Start of INPUT DATA

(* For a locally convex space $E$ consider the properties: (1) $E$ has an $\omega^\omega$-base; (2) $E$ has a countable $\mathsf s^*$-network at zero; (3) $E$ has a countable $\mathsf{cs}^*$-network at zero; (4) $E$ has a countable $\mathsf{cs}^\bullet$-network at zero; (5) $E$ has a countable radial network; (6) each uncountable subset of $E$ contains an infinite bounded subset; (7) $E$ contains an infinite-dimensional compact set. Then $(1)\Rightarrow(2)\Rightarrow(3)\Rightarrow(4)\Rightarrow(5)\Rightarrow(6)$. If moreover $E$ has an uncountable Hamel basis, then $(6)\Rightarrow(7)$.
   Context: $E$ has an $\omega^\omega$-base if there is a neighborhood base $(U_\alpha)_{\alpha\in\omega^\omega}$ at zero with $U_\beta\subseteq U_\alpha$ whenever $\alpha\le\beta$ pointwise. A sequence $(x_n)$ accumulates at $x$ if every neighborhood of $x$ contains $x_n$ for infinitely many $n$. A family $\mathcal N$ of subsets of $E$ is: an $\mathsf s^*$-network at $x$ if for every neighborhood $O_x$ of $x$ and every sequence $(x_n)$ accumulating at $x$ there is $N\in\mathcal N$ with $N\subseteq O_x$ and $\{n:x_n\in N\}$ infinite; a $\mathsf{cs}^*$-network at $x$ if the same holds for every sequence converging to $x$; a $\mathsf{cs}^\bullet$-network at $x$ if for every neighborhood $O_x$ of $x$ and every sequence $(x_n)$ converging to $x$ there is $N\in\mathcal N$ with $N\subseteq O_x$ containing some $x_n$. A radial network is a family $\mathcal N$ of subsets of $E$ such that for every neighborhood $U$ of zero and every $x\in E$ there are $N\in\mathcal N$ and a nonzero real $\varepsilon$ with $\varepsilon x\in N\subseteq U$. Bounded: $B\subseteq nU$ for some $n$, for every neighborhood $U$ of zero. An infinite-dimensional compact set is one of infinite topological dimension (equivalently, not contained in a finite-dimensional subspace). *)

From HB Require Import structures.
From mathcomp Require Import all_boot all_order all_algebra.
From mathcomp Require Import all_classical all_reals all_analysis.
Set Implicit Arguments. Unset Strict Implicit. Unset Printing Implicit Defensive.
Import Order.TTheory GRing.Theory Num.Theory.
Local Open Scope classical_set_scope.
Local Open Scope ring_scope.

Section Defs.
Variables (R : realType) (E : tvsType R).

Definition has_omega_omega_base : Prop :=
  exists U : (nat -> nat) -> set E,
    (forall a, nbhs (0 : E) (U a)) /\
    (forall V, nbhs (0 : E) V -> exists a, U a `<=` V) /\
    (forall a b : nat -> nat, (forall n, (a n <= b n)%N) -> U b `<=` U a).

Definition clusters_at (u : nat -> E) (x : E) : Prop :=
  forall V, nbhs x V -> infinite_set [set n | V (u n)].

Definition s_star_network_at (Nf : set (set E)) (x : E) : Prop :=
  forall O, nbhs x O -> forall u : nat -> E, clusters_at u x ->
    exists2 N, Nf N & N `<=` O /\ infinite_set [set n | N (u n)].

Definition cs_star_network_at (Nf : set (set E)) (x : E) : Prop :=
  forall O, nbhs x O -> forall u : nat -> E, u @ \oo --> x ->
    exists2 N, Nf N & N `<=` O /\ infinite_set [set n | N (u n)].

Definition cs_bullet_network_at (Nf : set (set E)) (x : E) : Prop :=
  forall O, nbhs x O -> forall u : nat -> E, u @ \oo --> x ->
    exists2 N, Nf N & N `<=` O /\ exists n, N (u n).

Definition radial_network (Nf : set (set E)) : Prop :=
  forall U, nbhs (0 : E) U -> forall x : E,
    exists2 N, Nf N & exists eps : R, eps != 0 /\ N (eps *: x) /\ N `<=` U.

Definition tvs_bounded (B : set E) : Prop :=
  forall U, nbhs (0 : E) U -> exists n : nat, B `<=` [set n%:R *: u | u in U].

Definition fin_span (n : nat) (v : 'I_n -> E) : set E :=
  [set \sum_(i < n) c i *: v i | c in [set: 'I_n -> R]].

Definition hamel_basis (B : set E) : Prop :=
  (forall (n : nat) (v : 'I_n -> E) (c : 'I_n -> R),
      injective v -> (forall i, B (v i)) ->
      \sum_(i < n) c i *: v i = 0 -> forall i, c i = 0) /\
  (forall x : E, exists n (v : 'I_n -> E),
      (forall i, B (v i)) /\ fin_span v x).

End of INPUT DATA

- ASSIGNMENT: The answer should hold exactly the lines running from the one with "injective v -> (forall i, B (v i)) ->" to the final line of the data, both ends counted.

- FINISHED TASK:
      injective v -> (forall i, B (v i)) ->
      \sum_(i < n) c i *: v i = 0 -> forall i, c i = 0) /\
  (forall x : E, exists n (v : 'I_n -> E),
      (forall i, B (v i)) /\ fin_span v x).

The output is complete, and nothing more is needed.